## AIM OF THE EXERCISE:
The answer should be the lines from the one with "- by move=> i q /hdq[]." through the final line of the entries, restated word for word.

[Stored items]
-- Opening Marker --

(* Consider the multiset combinatorial auction model described in the context and an iterative auction that first asks demand queries and then value queries, with truthful bidders, whose allocation after any set of reports is a solution of the winner determination problem (WDP) on the inferred values. Let $a^{DQ}$ be the WDP allocation computed from the reports after the last demand query. Suppose the first value-query round is the bridge bid, i.e., each bidder $i$ is asked a value query for the bundle $a^{DQ}_i$. Then, after the bridge bid and after any subsequent value queries, the efficiency of the WDP allocation is at least the efficiency of $a^{DQ}$, the efficiency achieved by the demand queries alone.
   Context: Multiset combinatorial auction: bidders $N=\{1,\dots,n\}$, items $M=\{1,\dots,m\}$ with capacities $c\in\mathbb{N}^m$. Bundles are $x\in\mathcal{X}=\{0,\dots,c_1\}\times\cdots\times\{0,\dots,c_m\}$. Each bidder $i$ has a value function $v_i:\mathcal{X}\to\mathbb{R}_{\ge0}$. Feasible allocations: $\mathcal{F}=\{a\in\mathcal{X}^n:\sum_i a_{ij}\le c_j\ \forall j\}$. Social welfare $V(a)=\sum_i v_i(a_i)$; efficiency of $a$ is $V(a)/\max_{a'\in\mathcal{F}}V(a')$. A demand query at prices $p\in\mathbb{R}^m_{\ge0}$ is answered truthfully by bidder $i$ with some $x_i^*(p)\in\arg\max_{x\in\mathcal{X}}\{v_i(x)-\langle p,x\rangle\}$; a value query for $x$ is answered with $v_i(x)$. With reports $R_i$ consisting of demand responses $R_i^{DQ}$ (pairs $(x,p)$) and value responses $R_i^{VQ}$ (pairs $(x,v_i(x))$), the inferred value is $\tilde v_i(x;R_i)=v_i(x)$ if $x$ appears in $R_i^{VQ}$ and otherwise $\max(\{\langle x,p\rangle:(x,p)\in R_i^{DQ}\}\cup\{0\})$. The WDP allocation is $a^*(R)\in\arg\max_{a\in\mathcal{F}}\sum_i\tilde v_i(a_i;R_i)$. *)

From HB Require Import structures.
From mathcomp Require Import all_boot all_order all_algebra.
Set Implicit Arguments. Unset Strict Implicit. Unset Printing Implicit Defensive.
Import Order.TTheory GRing.Theory Num.Theory.
Local Open Scope ring_scope.

(* Bundles x in X = {0..c_1} x ... x {0..c_m}: item j has multiplicity x j <= c j. *)
Definition bundle (m : nat) (c : 'I_m -> nat) : finType :=
  {dffun forall j : 'I_m, 'I_(c j).+1}.

Definition alloc (n m : nat) (c : 'I_m -> nat) : finType :=
  {ffun 'I_n -> bundle c}.

Definition feasible n m (c : 'I_m -> nat) (a : alloc n c) : bool :=
  [forall j : 'I_m, (\sum_(i < n) (a i j : nat) <= c j)%N].

Definition pdot (R : numDomainType) m (c : 'I_m -> nat)
  (p : {ffun 'I_m -> R}) (x : bundle c) : R :=
  \sum_(j < m) p j * (x j : nat)%:R.

Definition welfare (R : numDomainType) n m (c : 'I_m -> nat)
  (v : 'I_n -> bundle c -> R) (a : alloc n c) : R :=
  \sum_(i < n) v i (a i).

(* max_{a' in F} V(a') (values are nonnegative, so 0 is a neutral default). *)
Definition opt_welfare (R : realDomainType) n m (c : 'I_m -> nat)
  (v : 'I_n -> bundle c -> R) : R :=
  \big[Num.max/0]_(a : alloc n c | feasible a) welfare v a.

Definition efficiency (R : realFieldType) n m (c : 'I_m -> nat)
  (v : 'I_n -> bundle c -> R) (a : alloc n c) : R :=
  welfare v a / opt_welfare v.

Definition truthful_demand (R : numDomainType) m (c : 'I_m -> nat)
  (vi : bundle c -> R) (p : {ffun 'I_m -> R}) (x : bundle c) : Prop :=
  forall y : bundle c, vi y - pdot p y <= vi x - pdot p x.

(* Inferred value tilde v_i(x; R_i): the demand responses R_i^DQ are the
   (bundle, price) pairs dqi, the value responses R_i^VQ are the bundles in
   vqi, answered truthfully with v_i(x). *)
Definition inferred_value (R : realDomainType) m (c : 'I_m -> nat)
  (vi : bundle c -> R) (dqi : seq (bundle c * {ffun 'I_m -> R}))
  (vqi : seq (bundle c)) (x : bundle c) : R :=
  if x \in vqi then vi x
  else \big[Num.max/0]_(q <- dqi | q.1 == x) pdot q.2 x.

Definition is_WDP (R : realDomainType) n m (c : 'I_m -> nat)
  (v : 'I_n -> bundle c -> R)
  (dq : 'I_n -> seq (bundle c * {ffun 'I_m -> R}))
  (vq : 'I_n -> seq (bundle c)) (a : alloc n c) : Prop :=
  feasible a /\
  forall b : alloc n c, feasible b ->
    \sum_(i < n) inferred_value (v i) (dq i) (vq i) (b i)
    <= \sum_(i < n) inferred_value (v i) (dq i) (vq i) (a i).

From HB Require Import structures.
From mathcomp Require Import all_boot all_order all_algebra.
Set Implicit Arguments. Unset Strict Implicit. Unset Printing Implicit Defensive.
Import Order.TTheory GRing.Theory Num.Theory.
Local Open Scope ring_scope.

(* A truthful demand response x at prices p is preferred to the empty bundle,
   so its price <p, x> never exceeds v(x); hence inferred values never exceed
   true values.  After the bridge bid every bundle of a^DQ carries its true
   value, so the WDP optimum for the inferred values has true welfare at least
   V(a^DQ), and efficiency is V divided by a common nonnegative optimum. *)

Definition bundle0 m (c : 'I_m -> nat) : bundle c := [ffun j => ord0].

Lemma pdot_bundle0 (R : numDomainType) m (c : 'I_m -> nat)
  (p : {ffun 'I_m -> R}) : pdot p (bundle0 c) = 0.
Proof. by rewrite /pdot big1 // => j _; rewrite ffunE mulr0. Qed.

Lemma truthful_demand_pdot_le (R : numDomainType) m (c : 'I_m -> nat)
  (vi : bundle c -> R) (p : {ffun 'I_m -> R}) (x : bundle c) :
  0 <= vi (bundle0 c) -> truthful_demand vi p x -> pdot p x <= vi x.
Proof.
move=> vi0_ge0 /(_ (bundle0 c)); rewrite pdot_bundle0 subr0 => vi0_le.
by rewrite -subr_ge0; exact: le_trans vi0_ge0 vi0_le.
Qed.

Lemma inferred_value_mem (R : realDomainType) m (c : 'I_m -> nat)
  (vi : bundle c -> R) dqi vqi (x : bundle c) :
  x \in vqi -> inferred_value vi dqi vqi x = vi x.
Proof. by rewrite /inferred_value => ->. Qed.

Lemma inferred_value_le (R : realDomainType) m (c : 'I_m -> nat)
  (vi : bundle c -> R) dqi vqi (x : bundle c) :
  (forall y, 0 <= vi y) ->
  (forall q, q \in dqi -> truthful_demand vi q.2 q.1) ->
  inferred_value vi dqi vqi x <= vi x.
Proof.
move=> vi_ge0 dqi_truthful; rewrite /inferred_value; case: ifP => // _.
rewrite big_seq_cond; apply: (big_ind (fun y => y <= vi x)) => //.
  by move=> y z yx zx; rewrite ge_max yx zx.
move=> q /andP[q_dqi /eqP <-].
exact: truthful_demand_pdot_le (vi_ge0 _) (dqi_truthful q q_dqi).
Qed.

Lemma welfare_le_WDP (R : realDomainType) n m (c : 'I_m -> nat)
  (v : 'I_n -> bundle c -> R) dq vq (a b : alloc n c) :
  (forall i x, 0 <= v i x) ->
  (forall i q, q \in dq i -> truthful_demand (v i) q.2 q.1) ->
  feasible b -> (forall i, b i \in vq i) ->
  is_WDP v dq vq a -> welfare v b <= welfare v a.
Proof.
move=> v_ge0 dq_truthful b_feas b_queried [_ a_opt].
have <- : \sum_(i < n) inferred_value (v i) (dq i) (vq i) (b i) = welfare v b.
  by apply: eq_bigr => i _; exact: inferred_value_mem.
apply: le_trans (a_opt b b_feas) _; apply: ler_sum => i _.
exact: inferred_value_le (v_ge0 i) (dq_truthful i).
Qed.

Lemma opt_welfare_ge0 (R : realDomainType) n m (c : 'I_m -> nat)
  (v : 'I_n -> bundle c -> R) : 0 <= opt_welfare v.
Proof.
by apply: (big_rec (fun y => 0 <= y)) => // b y _ y_ge0; rewrite le_max y_ge0 orbT.
Qed.

Lemma efficiency_le (R : realFieldType) n m (c : 'I_m -> nat)
  (v : 'I_n -> bundle c -> R) (a b : alloc n c) :
  welfare v a <= welfare v b -> efficiency v a <= efficiency v b.
Proof. by move=> ab; rewrite ler_wpM2r // invr_ge0 opt_welfare_ge0. Qed.

Theorem lemmaD9 (R : realFieldType) (n m : nat) (c : 'I_m -> nat)
  (v : 'I_n -> bundle c -> R)
  (hv : forall i x, 0 <= v i x)
  (dq : 'I_n -> seq (bundle c * {ffun 'I_m -> R}))
  (hdq : forall i q, q \in dq i ->
           (forall j, 0 <= q.2 j) /\ truthful_demand (v i) q.2 q.1)
  (aDQ : alloc n c)
  (haDQ : is_WDP v dq (fun _ => [::]) aDQ)
  (extra : 'I_n -> seq (bundle c))
  (a : alloc n c)
  (ha : is_WDP v dq (fun i => aDQ i :: extra i) a) :
  efficiency v aDQ <= efficiency v a.
Proof.
apply: efficiency_le; apply: (welfare_le_WDP _ _ _ _ ha) => //.
- by move=> i q /hdq[].
- by case: haDQ.
- by move=> i; exact: mem_head.
Qed.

-- Closing Marker --

## OUTPUT OF THE EXERCISE:
- by move=> i q /hdq[].
- by case: haDQ.
- by move=> i; exact: mem_head.
Qed.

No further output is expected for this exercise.